Symmetric tasks (similarity, bitext): use query: on both sides.

Embeddings are L2-normalized; compare with cosine similarity (dot product on normalized vectors).

Usage

from sentence_transformers import SentenceTransformer

model = SentenceTransformer("sukhrobnurali/uzbek-e5-small")

queries = ["query: O'zbekistonning poytaxti qaysi shahar?"]
passages = [
    "passage: Toshkent — O'zbekiston Respublikasining poytaxti va eng yirik shahri.",
    "passage: Samarqand — O'zbekistondagi qadimiy shaharlardan biri.",
]

q_emb = model.encode(queries, normalize_embeddings=True)
p_emb = model.encode(passages, normalize_embeddings=True)
scores = q_emb @ p_emb.T
print(scores)  # highest score on the Tashkent passage

Requires sentence-transformers>=5.5.1 — the version the model was saved with. Older versions cannot load it (ModuleNotFoundError: No module named 'sentence_transformers.base').

Evaluation

The same protocol is applied to the base and fine-tuned models so the delta is a fair comparison. Both held-out sets are disjoint from training: the retrieval split is the dataset's wiki_retrieval_eval/test; FLORES+ training only ever sees dev (via the dataset's validation split), so devtest stays clean.

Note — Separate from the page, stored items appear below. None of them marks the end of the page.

(* The penalty K (t - b)_+^2 makes the endpoint 1 lose against b; the slope eps is small
   enough not to let a win. *)
Lemma penalized_interior_max F a b : continuity F -> 0 <= a < b -> b < 1 -> F a < F b ->
  exists eps K s, 0 < eps /\ 0 <= K /\ a < s < 1 /\
    forall t, a <= t <= 1 ->
      F t - eps * t - K * sq_ramp b t <= F s - eps * s - K * sq_ramp b s.
Proof.
  intros CF Hab Hb1 HFab.
  set (eps := (F b - F a) / 2).
  set (K := (Rabs (F 1 - F b) + 1) / ((1 - b) * (1 - b))).
  assert (HK : 0 <= K).
  { apply Rmult_le_pos; [pose proof (Rabs_pos (F 1 - F b)); lra|].
    apply Rlt_le, Rinv_0_lt_compat. nra. }
  assert (HK1 : K * ((1 - b) * (1 - b)) = Rabs (F 1 - F b) + 1) by (unfold K; field; nra).
  set (G := fun t => F t - eps * t - K * sq_ramp b t).
  assert (CG : forall x, continuity_pt G x).
  { intro x. apply continuity_pt_minus; [apply continuity_pt_minus; [apply CF|]|].
    - apply (continuity_pt_scal id eps x), derivable_continuous_pt, derivable_id.
    - apply (continuity_pt_scal (sq_ramp b) K x), derivable_continuous_pt.
      exists (d_sq_ramp b x). apply derivable_pt_lim_sq_ramp. }
  destruct (continuity_ab_maj G a 1 ltac:(lra) (fun x _ => CG x)) as [s [Hmax Hs]].
  assert (Ramp_le : forall t, t <= b -> sq_ramp b t = 0)
    by (intros t Ht; unfold sq_ramp; rewrite Rmax_left by lra; ring).
  assert (Ramp1 : sq_ramp b 1 = (1 - b) * (1 - b))
    by (unfold sq_ramp; rewrite Rmax_right by lra; reflexivity).
  pose proof (Hmax b ltac:(lra)) as Hbmax. unfold G in Hbmax. rewrite Ramp_le in Hbmax by lra.
  exists eps, K, s. split; [unfold eps; lra|]. split; [exact HK|]. split; [|exact Hmax].
  split.
  - destruct (Req_dec s a) as [E|]; [|lra]. rewrite E, Ramp_le in Hbmax by lra.
    unfold eps in Hbmax. nra.
  - destruct (Req_dec s 1) as [E|]; [|lra]. rewrite E, Ramp1, HK1 in Hbmax.
    pose proof (Rle_abs (F 1 - F b)). unfold eps in Hbmax. nra.
Qed.

Lemma ViscSub_interior_max H c u phi dphi a b s : ViscSub H c u ->
  (forall x, derivable_pt_lim phi x (dphi x)) -> continuity dphi ->
  0 <= a < s -> s < b <= 1 ->
  (forall t, a <= t <= b -> u t - phi t <= u s - phi s) -> H s (dphi s) <= c.
Proof.
  intros Hsub Dphi Cphi Has Hsb Hmax. apply (Hsub s phi dphi); auto; [lra|].
  exists (Rmin (s - a) (b - s)). split; [apply Rmin_pos; lra|].
  intros t _ Hts. apply Hmax.
  pose proof (Rmin_l (s - a) (b - s)). pose proof (Rmin_r (s - a) (b - s)).
  revert Hts. unfold Rabs. destruct Rcase_abs; lra.
Qed.

Section Monotone.
Variables (H : R -> R -> R) (c : R) (u W om : R -> R).
Hypothesis Hu : ContOn01 u.
Hypothesis Hsub : ViscSub H c u.
Hypothesis HW : forall x, derivable_pt_lim W x (om x).
Hypothesis Hom : continuity om.
Hypothesis Hlevel : forall s p, 0 < s < 1 -> om s < p -> c < H s p.

(* Were F = u - W to increase from a to b, a penalized maximum of F would sit strictly inside
   (0,1), where the test function W + eps t + K (t - b')_+^2 has slope > om. *)
Lemma sub_minus_primitive_nonincreasing a b : 0 <= a <= b -> b <= 1 ->
  u b - W b <= u a - W a.
Proof.
  intros Hab Hb.
  set (F := fun t => ext01 u t - W t).
  assert (HF : forall t, I01 t -> F t = u t - W t)
    by (intros t Ht; unfold F; rewrite ext01_id; auto).
  assert (CF : continuity F).
  { intro x. apply continuity_pt_minus; [apply continuity_ext01; auto|].
    apply derivable_continuous_pt. exists (om x). apply HW. }
  rewrite <- !HF by (unfold I01; lra).
  destruct (Rle_lt_dec (F b) (F a)) as [|Hlt]; auto. exfalso.
  assert (Hab' : a < b) by (destruct (Req_dec a b) as [E|]; [rewrite E in Hlt|]; lra).
  destruct (continuity_pt_lt_left F a b (CF b) Hab' Hlt) as [b' [Hb' HFb']].
  destruct (penalized_interior_max F a b' CF ltac:(lra) ltac:(lra) HFb')
    as [eps [K [s [Heps [HK [Hs Hmax]]]]]].
  set (phi := fun t => W t + eps * t + K * sq_ramp b' t).
  set (dphi := fun t => om t + eps + K * d_sq_ramp b' t).
  assert (Dphi : forall x, derivable_pt_lim phi x (dphi x)).
  { intro x. unfold phi, dphi.
    apply (derivable_pt_lim_plus (fun t => W t + eps * t) (fun t => K * sq_ramp b' t)).
    - apply (derivable_pt_lim_plus W (fun t => eps * t)); auto.
      pose proof (derivable_pt_lim_scal id eps x 1 (derivable_pt_lim_id x)) as D.
      rewrite Rmult_1_r in D. exact D.
    - apply (derivable_pt_lim_scal (sq_ramp b') K), derivable_pt_lim_sq_ramp. }
  assert (Cphi : continuity dphi).
  { unfold dphi. apply (continuity_plus (fun t => om t + eps) (fun t => K * d_sq_ramp b' t)).
    - apply (continuity_plus om (fun _ => eps)); auto.
      apply continuity_const. intros ? ?; auto.
    - apply (continuity_scal (d_sq_ramp b') K), continuity_d_sq_ramp. }
  assert (Hle : H s (dphi s) <= c).
  { apply (ViscSub_interior_max H c u phi dphi a 1 s); auto; try lra.
    intros t Ht. pose proof (Hmax t Ht) as Hts. unfold F in Hts.
    rewrite !ext01_id in Hts by (unfold I01; lra). unfold phi. lra. }
  assert (Hslope : om s < dphi s).
  { unfold dphi, d_sq_ramp. pose proof (Rmax_l 0 (s - b')). nra. }
  pose proof (Hlevel s (dphi s) ltac:(lra) Hslope). lra.
Qed.

End Monotone.

Lemma ViscSub_reverse H c u : ViscSub H c u ->
  ViscSub (fun s p => H (1 - s) (- p)) c (fun x => u (1 - x)).
Proof.
  intros Hsub s phi dphi Hs Dphi Cphi [d [Hd Hmax]].
  assert (Hrev := Hsub (1 - s) (fun y => phi (1 - y)) (fun y => - dphi (1 - y)) ltac:(lra)
    (fun x => derivable_pt_lim_reverse phi dphi x Dphi) (continuity_reverse dphi Cphi)).
  cbv beta in Hrev. replace (1 - (1 - s)) with s in Hrev by ring. apply Hrev.
  exists d; split; auto. intros t Ht Hts.
  pose proof (Hmax (1 - t) ltac:(lra)) as Hm. replace (1 - (1 - t)) with t in Hm by ring.
  apply Hm. replace (1 - t - s) with (- (t - (1 - s))) by ring. rewrite Rabs_Ropp; auto.
Qed.

Lemma sub_minus_primitive_nondecreasing H c u W om : ContOn01 u -> ViscSub H c u ->
  (forall x, derivable_pt_lim W x (om x)) -> continuity om ->
  (forall s p, 0 < s < 1 -> p < om s -> c < H s p) ->
  forall a b, 0 <= a <= b -> b <= 1 -> u a - W a <= u b - W b.
Proof.
  intros Hu Hsub HW Hom Hlevel a b Hab Hb.
  pose proof (sub_minus_primitive_nonincreasing (fun s p => H (1 - s) (- p)) c
    (fun x => u (1 - x)) (fun x => W (1 - x)) (fun x => - om (1 - x))
    (ContOn01_reverse u Hu) (ViscSub_reverse H c u Hsub)
    (fun x => derivable_pt_lim_reverse W om x HW) (continuity_reverse om Hom)) as Hmono.
  assert (Hlev : forall s p, 0 < s < 1 -> - om (1 - s) < p -> c < H (1 - s) (- p))
    by (intros s p Hs Hp; apply Hlevel; lra).
  specialize (Hmono Hlev (1 - b) (1 - a) ltac:(lra) ltac:(lra)).
  cbv beta in Hmono. replace (1 - (1 - a)) with a in Hmono by ring. replace (1 - (1 - b)) with b in Hmono by ring.
  exact Hmono.
Qed.

Lemma RInt_ge0_of_upper_barrier H c u om : ContOn01 u -> u 0 = u 1 -> ViscSub H c u ->
  continuity om -> (forall s p, 0 < s < 1 -> om s < p -> c < H s p) -> 0 <= RInt om 0 1.
Proof.
  intros Hu Hper Hsub Hom Hlevel.
  pose proof (sub_minus_primitive_nonincreasing H c u (fun x => RInt om 0 x) om Hu Hsub
    (derivable_pt_lim_RInt om Hom) Hom Hlevel 0 1 ltac:(lra) ltac:(lra)) as Hmono.
  assert (Hom0 : RInt om 0 0 = 0) by (rewrite RInt_point; reflexivity).
  cbv beta in Hmono. lra.
Qed.

Lemma RInt_le0_of_lower_barrier H c u om : ContOn01 u -> u 0 = u 1 -> ViscSub H c u ->
  continuity om -> (forall s p, 0 < s < 1 -> p < om s -> c < H s p) -> RInt om 0 1 <= 0.
Proof.
  intros Hu Hper Hsub Hom Hlevel.
  pose proof (sub_minus_primitive_nondecreasing H c u (fun x => RInt om 0 x) om Hu Hsub
    (derivable_pt_lim_RInt om Hom) Hom Hlevel 0 1 ltac:(lra) ltac:(lra)) as Hmono.
  assert (Hom0 : RInt om 0 0 = 0) by (rewrite RInt_point; reflexivity).
  cbv beta in Hmono. lra.
Qed.

Lemma ViscSub_of_derivative H a U th : (forall x, derivable_pt_lim U x (th x)) ->
  (forall s, 0 < s < 1 -> H s (th s) <= a) -> ViscSub H a U.
Proof.
  intros DU Hle s phi dphi Hs Dphi _ [d [Hd Hmax]].
  set (r := Rmin d (Rmin s (1 - s))).
  pose proof (Rmin_l d (Rmin s (1 - s))). pose proof (Rmin_r d (Rmin s (1 - s))).
  pose proof (Rmin_l s (1 - s)). pose proof (Rmin_r s (1 - s)).
  assert (Hr : 0 < r) by (apply Rmin_pos; [lra | apply Rmin_pos; lra]).
  pose (pr := exist (fun l => derivable_pt_lim (fun t => U t - phi t) s l) (th s - dphi s)
    (derivable_pt_lim_minus U phi s _ _ (DU s) (Dphi s))).
  assert (Hcrit : derive_pt (fun t => U t - phi t) s pr = 0).
  { apply (deriv_maximum _ (s - r) (s + r) s pr); try lra.
    intros x Hx1 Hx2. apply Hmax; unfold r in *; [lra|].
    unfold Rabs. destruct Rcase_abs; lra. }
  simpl in Hcrit. replace (dphi s) with (th s) by lra. apply Hle, Hs.
Qed.

Lemma AdmitsPeriodicSub_below H c U th : JointCont H ->
  (forall x, derivable_pt_lim U x (th x)) -> continuity th -> U 0 = U 1 ->
  (forall s, I01 s -> H s (th s) < c) -> exists a, a < c /\ AdmitsPeriodicSub H a.
Proof.
  intros Hcont DU Cth Hper Hlt.
  set (g := fun s => H s (th s)).
  pose proof (continuity_ext01 g (ContOn01_JointCont_comp H th Hcont Cth)) as Cg.
  destruct (continuity_ab_maj (ext01 g) 0 1 ltac:(lra) (fun x _ => Cg x)) as [s0 [Hmax Hs0]].
  rewrite ext01_id in Hmax by exact Hs0.
  exists (g s0). split; [apply Hlt, Hs0|].
  exists U. split; [|split; auto].
  - apply ContOn01_of_continuity. intro x.
    apply derivable_continuous_pt. exists (th x). apply DU.
  - apply (ViscSub_of_derivative H (g s0) U th DU). intros s Hs.
    pose proof (Hmax s ltac:(lra)) as Hgs. rewrite ext01_id in Hgs by (unfold I01; lra).
    exact Hgs.
Qed.

Lemma AdmitsPeriodicSub_below_of_band H c hi lo : JointCont H ->
  continuity hi -> continuity lo ->
  (forall s p, I01 s -> lo s < p < hi s -> H s p < c) -> (forall s, I01 s -> lo s < hi s) ->
  RInt lo 0 1 < 0 -> 0 < RInt hi 0 1 -> exists a, a < c /\ AdmitsPeriodicSub H a.
Proof.
  intros Hcont Chi Clo Hband Hopen Hlo Hhi.
  set (lam := - RInt lo 0 1 / (RInt hi 0 1 - RInt lo 0 1)).
  assert (Hlam : 0 < lam < 1).
  { unfold lam. split; [apply Rdiv_lt_0_compat; lra|].
    apply (Rmult_lt_reg_r (RInt hi 0 1 - RInt lo 0 1)); [lra|].
    unfold Rdiv. rewrite Rmult_assoc, Rinv_l; lra. }
  apply (AdmitsPeriodicSub_below H c
    (fun x => lam * RInt hi 0 x + (1 - lam) * RInt lo 0 x)
    (fun x => lam * hi x + (1 - lam) * lo x) Hcont).
  - intro x.
    apply (derivable_pt_lim_plus (fun t => lam * RInt hi 0 t) (fun t => (1 - lam) * RInt lo 0 t));
      [apply (derivable_pt_lim_scal (fun t => RInt hi 0 t)) |
       apply (derivable_pt_lim_scal (fun t => RInt lo 0 t))];
      apply derivable_pt_lim_RInt; auto.
  - apply (continuity_plus (fun x => lam * hi x) (fun x => (1 - lam) * lo x));
      [apply (continuity_scal hi) | apply (continuity_scal lo)]; auto.
  - assert (Hhi0 : RInt hi 0 0 = 0) by (rewrite RInt_point; reflexivity).
    assert (Hlo0 : RInt lo 0 0 = 0) by (rewrite RInt_point; reflexivity).
    rewrite Hhi0, Hlo0. unfold lam. field. lra.
  - intros s Hs. apply Hband; auto. pose proof (Hopen s Hs). nra.
Qed.

Theorem proposition5p7
  (H : R -> R -> R)
  (Hcont : JointCont H) (Hcoer : Coercive H) (Hqc : QuasiConvex H)
  (Hint : InteriorCond H)
  (minH : R -> R) (HminH : forall s, I01 s -> IsMinOver (fun _ => True) (H s) (minH s))
  (aH : R) (HaH : IsMaxOver I01 minH aH)
  (cH : R) (HcH : IsMinOver (AdmitsPeriodicSub H) (fun a => a) cH)
  (Hcase : cH > aH \/ (exists k, forall s, I01 s -> minH s = k))
  (sigp sigm : R -> R)
  (Hsigp : forall s, I01 s -> H s (sigp s) = cH /\ (forall p, H s p = cH -> p <= sigp s))
  (Hsigm : forall s, I01 s -> H s (sigm s) = cH /\ (forall p, H s p = cH -> sigm s <= p)) :
  exists (prm : Riemann_integrable sigm 0 1) (prp : Riemann_integrable sigp 0 1),
    Rmin (- RiemannInt prm) (RiemannInt prp) = 0.
Proof.
  pose proof (upper_endpoint_continuous H cH sigp sigm Hcont Hcoer Hqc Hint Hsigp Hsigm) as Cp.
  pose proof (lower_endpoint_continuous H cH sigp sigm Hcont Hcoer Hqc Hint Hsigp Hsigm) as Cm.
  destruct (RiemannInt_ContOn01 sigp Cp) as [prp Ep].
  destruct (RiemannInt_ContOn01 sigm Cm) as [prm Em].
  exists prm, prp. rewrite Ep, Em.
  destruct HcH as [[c0 [[u [Hu [Hper Hsub]]] Hc0]] Hmin]. simpl in Hc0. subst c0.
  assert (Ip : 0 <= RInt (ext01 sigp) 0 1).
  { apply (RInt_ge0_of_upper_barrier H cH u); auto; [apply continuity_ext01, Cp|].
    intros s p Hs Hsp. rewrite ext01_id in Hsp by (unfold I01; lra).
    apply (level_lt_right_of_max H cH sigp); auto. unfold I01; lra. }
  assert (Im : RInt (ext01 sigm) 0 1 <= 0).
  { apply (RInt_le0_of_lower_barrier H cH u); auto; [apply continuity_ext01, Cm|].
    intros s p Hs Hsp. rewrite ext01_id in Hsp by (unfold I01; lra).
    apply (level_lt_left_of_min H cH sigm); auto. unfold I01; lra. }
  enough (Hzero : RInt (ext01 sigp) 0 1 = 0 \/ RInt (ext01 sigm) 0 1 = 0).
  { destruct Hzero as [-> | ->]; [apply Rmin_right | rewrite Ropp_0; apply Rmin_left]; lra. }
  destruct (band_open_or_point H cH sigp sigm Hcont Hcoer Hqc Hint Hsigp Hsigm minH aH HminH HaH
    Hcase) as [Hopen | Hpoint].
  - destruct (Req_dec (RInt (ext01 sigp) 0 1) 0); auto.
    destruct (Req_dec (RInt (ext01 sigm) 0 1) 0); auto. exfalso.
    destruct (AdmitsPeriodicSub_below_of_band H cH (ext01 sigp) (ext01 sigm) Hcont
      (continuity_ext01 sigp Cp) (continuity_ext01 sigm Cm)) as [a [Ha Hadm]]; try lra.
    + intros s p Hs. rewrite !ext01_id by exact Hs.
      apply (level_lt_in_band H cH sigp sigm Hqc Hint Hsigp Hsigm s p Hs).
    + intros s Hs. rewrite !ext01_id by exact Hs. apply Hopen, Hs.
    + pose proof (Hmin a Hadm). simpl in *. lra.
  - left. enough (RInt (ext01 sigp) 0 1 = RInt (ext01 sigm) 0 1) by lra.
    apply RInt_ext. intros x Hx. rewrite Rmin_left, Rmax_right in Hx by lra.
    rewrite !ext01_id by (unfold I01; lra). symmetry. apply Hpoint. unfold I01; lra.
Qed.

Monolingual Uzbek retrieval — `wiki_retrieval_eval/test` (5,000 title→paragraph)

Metric	Base	Fine-tuned	Δ
Recall@1	0.9868	0.9914	+0.0046
Recall@5	0.9948	0.9964	+0.0016
Recall@10	0.9962	0.9972	+0.0010
MRR@10	0.9904	0.9936	+0.0032
nDCG@10	0.9918	0.9945	+0.0027

Cross-lingual uz↔en bitext — FLORES+ `devtest` (1,012 pairs)

Metric	Base	Fine-tuned	Δ
uz→en accuracy	0.9713	0.9901	+0.0188
en→uz accuracy	0.9852	0.9852	+0.0000
Mean accuracy	0.9783	0.9876	+0.0094

The base is already near the ceiling for Uzbek, so the gains are small but every metric improves — the fine-tuned model dominates the base and is the one shipped.

Training data

sukhrobnurali/uzbek-embedding-pairs — 356,278 (anchor, positive) pairs in the default/train split, used as-is:

Source	Share	Pair type
Uzbek Wikipedia	~56%	title ↔ paragraph
OPUS-100 uz↔en	~34%	parallel sentence ↔ translation
Latin↔Cyrillic	~10%	same sentence, two scripts

Anchors are prefixed query: and positives passage: at training time, matching the retrieval framing used at inference.

Limitations

Low-resource language: coverage is thinner than for high-resource languages, and rare domains (legal, medical, dialectal) are under-represented.
Part of the data is OPUS-100, which carries machine-translation noise.
The monolingual eval is a title→paragraph proxy for retrieval, not a curated query set.
Trained on Latin-script Uzbek; Cyrillic appears only via the script-pair source, so Cyrillic retrieval quality is less thoroughly evaluated.

Reproducibility

Fixed seed (42); 1 epoch of MultipleNegativesRankingLoss with in-batch negatives, batch size 192, lr 2e-5, 10% warmup, max_seq_length=192, bf16 on Ampere. All hyperparameters live in config.py; training and evaluation scripts are in the training repository.

License

MIT, inherited from the base model intfloat/multilingual-e5-small.